The lines needed are those from the start of the records through the line holding "a <= x1 -> x1 <= x ->", each copied exactly.

(Stored records)
━━━━━━━━━━━━━━━━
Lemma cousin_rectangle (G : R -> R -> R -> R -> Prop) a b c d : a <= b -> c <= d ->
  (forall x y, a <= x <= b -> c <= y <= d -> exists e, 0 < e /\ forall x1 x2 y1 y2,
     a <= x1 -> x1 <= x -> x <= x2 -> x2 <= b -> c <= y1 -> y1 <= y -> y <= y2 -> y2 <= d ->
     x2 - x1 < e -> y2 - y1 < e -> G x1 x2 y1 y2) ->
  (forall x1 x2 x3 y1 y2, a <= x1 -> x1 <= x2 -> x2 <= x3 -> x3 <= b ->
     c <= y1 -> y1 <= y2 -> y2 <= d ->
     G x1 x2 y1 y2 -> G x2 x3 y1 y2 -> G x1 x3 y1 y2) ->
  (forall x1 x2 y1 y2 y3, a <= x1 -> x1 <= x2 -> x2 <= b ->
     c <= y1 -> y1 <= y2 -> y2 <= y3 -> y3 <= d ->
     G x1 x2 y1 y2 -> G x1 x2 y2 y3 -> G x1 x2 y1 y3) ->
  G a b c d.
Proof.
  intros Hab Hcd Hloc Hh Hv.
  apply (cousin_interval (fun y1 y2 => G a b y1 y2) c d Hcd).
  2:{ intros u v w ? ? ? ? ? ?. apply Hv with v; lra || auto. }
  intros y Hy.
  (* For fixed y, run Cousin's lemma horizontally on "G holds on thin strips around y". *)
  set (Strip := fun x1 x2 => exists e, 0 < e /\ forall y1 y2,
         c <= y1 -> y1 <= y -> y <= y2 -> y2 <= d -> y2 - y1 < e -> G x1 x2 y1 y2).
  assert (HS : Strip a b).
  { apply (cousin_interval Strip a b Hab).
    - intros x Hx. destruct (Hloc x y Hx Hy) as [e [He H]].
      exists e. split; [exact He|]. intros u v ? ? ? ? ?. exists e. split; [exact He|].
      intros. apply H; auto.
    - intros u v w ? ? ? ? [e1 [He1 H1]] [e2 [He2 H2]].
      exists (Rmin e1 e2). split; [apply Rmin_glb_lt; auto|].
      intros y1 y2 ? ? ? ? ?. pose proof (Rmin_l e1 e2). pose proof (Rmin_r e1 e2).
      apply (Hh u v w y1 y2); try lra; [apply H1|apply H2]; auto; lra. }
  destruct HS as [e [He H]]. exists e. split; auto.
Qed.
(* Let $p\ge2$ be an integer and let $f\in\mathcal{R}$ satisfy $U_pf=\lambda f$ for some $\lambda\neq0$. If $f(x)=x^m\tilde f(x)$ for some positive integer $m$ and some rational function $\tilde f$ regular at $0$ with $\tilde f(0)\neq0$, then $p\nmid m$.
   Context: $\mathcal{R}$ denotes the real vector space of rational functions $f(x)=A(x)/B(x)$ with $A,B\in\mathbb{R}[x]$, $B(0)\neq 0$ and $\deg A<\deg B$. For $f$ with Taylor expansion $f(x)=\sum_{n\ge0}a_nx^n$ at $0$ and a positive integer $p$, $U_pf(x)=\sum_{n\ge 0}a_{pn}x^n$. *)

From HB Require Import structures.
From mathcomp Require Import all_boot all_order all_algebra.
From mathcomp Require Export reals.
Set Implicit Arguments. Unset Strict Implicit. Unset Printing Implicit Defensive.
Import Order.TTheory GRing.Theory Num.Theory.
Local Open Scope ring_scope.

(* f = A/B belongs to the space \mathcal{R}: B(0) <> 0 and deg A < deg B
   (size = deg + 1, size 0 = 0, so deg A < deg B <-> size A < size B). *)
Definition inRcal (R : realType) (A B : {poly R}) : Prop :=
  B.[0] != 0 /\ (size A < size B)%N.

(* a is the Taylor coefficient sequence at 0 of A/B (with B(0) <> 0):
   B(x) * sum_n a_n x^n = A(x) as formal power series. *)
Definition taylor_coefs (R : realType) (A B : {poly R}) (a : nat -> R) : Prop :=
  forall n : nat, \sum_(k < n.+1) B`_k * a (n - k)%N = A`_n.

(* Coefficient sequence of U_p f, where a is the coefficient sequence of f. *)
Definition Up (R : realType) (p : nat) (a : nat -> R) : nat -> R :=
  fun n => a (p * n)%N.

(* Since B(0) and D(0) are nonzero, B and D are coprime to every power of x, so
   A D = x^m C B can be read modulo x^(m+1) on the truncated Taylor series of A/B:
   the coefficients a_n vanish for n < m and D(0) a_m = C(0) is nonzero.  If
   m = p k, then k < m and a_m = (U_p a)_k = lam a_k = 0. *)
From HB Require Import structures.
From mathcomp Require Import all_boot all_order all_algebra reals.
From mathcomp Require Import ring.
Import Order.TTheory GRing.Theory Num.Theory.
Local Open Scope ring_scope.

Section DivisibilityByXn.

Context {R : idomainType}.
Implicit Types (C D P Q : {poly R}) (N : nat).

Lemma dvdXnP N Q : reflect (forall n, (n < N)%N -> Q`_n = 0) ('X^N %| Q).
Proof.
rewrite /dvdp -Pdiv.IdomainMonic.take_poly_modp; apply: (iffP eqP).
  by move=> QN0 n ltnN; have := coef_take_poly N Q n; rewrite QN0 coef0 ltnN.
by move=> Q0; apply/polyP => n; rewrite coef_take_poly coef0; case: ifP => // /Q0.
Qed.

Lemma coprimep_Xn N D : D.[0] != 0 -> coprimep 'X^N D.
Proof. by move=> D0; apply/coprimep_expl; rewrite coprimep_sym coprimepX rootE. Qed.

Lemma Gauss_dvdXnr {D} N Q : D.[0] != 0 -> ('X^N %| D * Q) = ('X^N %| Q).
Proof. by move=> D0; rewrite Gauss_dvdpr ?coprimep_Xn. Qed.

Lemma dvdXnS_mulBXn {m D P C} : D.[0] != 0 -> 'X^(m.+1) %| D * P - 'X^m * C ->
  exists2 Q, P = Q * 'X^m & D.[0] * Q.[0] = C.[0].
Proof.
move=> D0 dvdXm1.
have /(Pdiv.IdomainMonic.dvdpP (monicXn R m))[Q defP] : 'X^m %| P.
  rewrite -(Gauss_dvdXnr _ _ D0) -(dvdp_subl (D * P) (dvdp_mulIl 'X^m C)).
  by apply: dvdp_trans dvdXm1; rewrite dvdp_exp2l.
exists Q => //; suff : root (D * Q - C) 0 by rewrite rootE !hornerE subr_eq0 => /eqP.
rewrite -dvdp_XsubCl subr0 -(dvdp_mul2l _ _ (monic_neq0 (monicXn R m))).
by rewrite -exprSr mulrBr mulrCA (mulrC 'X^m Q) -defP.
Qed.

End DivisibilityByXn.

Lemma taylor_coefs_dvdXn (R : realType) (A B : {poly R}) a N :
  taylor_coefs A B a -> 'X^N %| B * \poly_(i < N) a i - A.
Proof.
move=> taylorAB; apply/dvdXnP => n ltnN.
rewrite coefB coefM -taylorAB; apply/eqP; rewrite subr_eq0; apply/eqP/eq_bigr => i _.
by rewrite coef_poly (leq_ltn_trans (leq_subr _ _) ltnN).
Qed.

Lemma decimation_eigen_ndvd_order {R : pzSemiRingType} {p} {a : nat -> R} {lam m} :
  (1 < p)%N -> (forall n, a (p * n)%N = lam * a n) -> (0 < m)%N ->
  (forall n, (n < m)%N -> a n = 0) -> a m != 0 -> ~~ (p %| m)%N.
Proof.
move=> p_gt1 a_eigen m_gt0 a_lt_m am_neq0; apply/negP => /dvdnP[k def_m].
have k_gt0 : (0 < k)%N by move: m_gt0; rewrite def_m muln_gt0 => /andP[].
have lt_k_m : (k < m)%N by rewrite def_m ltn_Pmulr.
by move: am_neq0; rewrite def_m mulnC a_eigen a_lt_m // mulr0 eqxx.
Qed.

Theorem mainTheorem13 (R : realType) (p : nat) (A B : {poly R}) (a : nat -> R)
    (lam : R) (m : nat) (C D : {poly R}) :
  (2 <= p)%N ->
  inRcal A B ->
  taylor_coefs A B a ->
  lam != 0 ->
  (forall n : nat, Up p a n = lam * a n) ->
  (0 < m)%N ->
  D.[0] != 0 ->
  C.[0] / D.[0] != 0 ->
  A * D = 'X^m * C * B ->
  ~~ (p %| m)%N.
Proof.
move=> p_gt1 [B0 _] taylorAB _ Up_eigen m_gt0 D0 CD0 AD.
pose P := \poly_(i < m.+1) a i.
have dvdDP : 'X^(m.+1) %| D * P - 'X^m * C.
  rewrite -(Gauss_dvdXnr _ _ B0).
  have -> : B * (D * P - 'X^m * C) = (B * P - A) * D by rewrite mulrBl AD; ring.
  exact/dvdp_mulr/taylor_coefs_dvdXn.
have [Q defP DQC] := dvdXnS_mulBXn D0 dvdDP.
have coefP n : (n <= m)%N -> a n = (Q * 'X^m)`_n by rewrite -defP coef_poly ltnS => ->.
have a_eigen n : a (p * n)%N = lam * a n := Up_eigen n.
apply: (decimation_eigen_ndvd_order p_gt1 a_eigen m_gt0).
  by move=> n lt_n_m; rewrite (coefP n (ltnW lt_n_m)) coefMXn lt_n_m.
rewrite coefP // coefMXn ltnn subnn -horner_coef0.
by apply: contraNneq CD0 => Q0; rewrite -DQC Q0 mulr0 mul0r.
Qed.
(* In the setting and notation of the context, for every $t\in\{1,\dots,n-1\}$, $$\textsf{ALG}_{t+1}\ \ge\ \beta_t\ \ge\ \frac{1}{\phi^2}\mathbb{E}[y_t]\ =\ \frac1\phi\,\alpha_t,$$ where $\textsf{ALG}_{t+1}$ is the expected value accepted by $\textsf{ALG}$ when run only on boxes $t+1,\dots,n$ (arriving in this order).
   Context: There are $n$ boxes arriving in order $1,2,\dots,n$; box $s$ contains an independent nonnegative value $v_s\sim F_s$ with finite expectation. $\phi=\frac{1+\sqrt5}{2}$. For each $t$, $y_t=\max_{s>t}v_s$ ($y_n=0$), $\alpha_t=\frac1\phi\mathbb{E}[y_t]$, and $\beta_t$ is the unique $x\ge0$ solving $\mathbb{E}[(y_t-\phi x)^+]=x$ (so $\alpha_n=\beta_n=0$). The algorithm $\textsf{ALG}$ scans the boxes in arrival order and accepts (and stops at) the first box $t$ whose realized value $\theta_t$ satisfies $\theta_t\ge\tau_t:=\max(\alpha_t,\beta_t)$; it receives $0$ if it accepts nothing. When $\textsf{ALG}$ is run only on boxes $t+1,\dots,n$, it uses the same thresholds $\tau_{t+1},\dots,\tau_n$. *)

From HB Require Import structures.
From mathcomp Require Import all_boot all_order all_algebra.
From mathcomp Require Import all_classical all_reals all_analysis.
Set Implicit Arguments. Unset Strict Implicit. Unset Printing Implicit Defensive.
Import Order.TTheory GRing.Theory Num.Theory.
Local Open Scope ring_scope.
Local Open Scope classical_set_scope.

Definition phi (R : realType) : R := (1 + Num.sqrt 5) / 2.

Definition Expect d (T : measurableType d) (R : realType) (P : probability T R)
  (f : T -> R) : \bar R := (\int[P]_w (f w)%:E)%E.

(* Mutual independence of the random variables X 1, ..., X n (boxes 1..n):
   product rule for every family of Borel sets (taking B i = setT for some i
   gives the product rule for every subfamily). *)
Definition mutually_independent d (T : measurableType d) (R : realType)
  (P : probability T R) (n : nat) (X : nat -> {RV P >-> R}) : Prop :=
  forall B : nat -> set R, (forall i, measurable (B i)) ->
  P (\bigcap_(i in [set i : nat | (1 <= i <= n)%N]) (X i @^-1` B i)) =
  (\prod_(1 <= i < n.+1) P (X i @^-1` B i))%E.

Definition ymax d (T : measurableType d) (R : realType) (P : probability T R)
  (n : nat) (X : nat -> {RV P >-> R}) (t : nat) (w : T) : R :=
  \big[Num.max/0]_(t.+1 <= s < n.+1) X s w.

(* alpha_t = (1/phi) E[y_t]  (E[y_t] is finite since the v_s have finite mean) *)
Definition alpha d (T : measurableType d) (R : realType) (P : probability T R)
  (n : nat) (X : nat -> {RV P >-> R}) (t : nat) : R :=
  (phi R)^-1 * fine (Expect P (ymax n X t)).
━━━━━━━━━━━━━━━━
• ANSWER SPACE
Lemma cousin_rectangle (G : R -> R -> R -> R -> Prop) a b c d : a <= b -> c <= d ->
  (forall x y, a <= x <= b -> c <= y <= d -> exists e, 0 < e /\ forall x1 x2 y1 y2,
     a <= x1 -> x1 <= x -> x <= x2 -> x2 <= b -> c <= y1 -> y1 <= y -> y <= y2 -> y2 <= d ->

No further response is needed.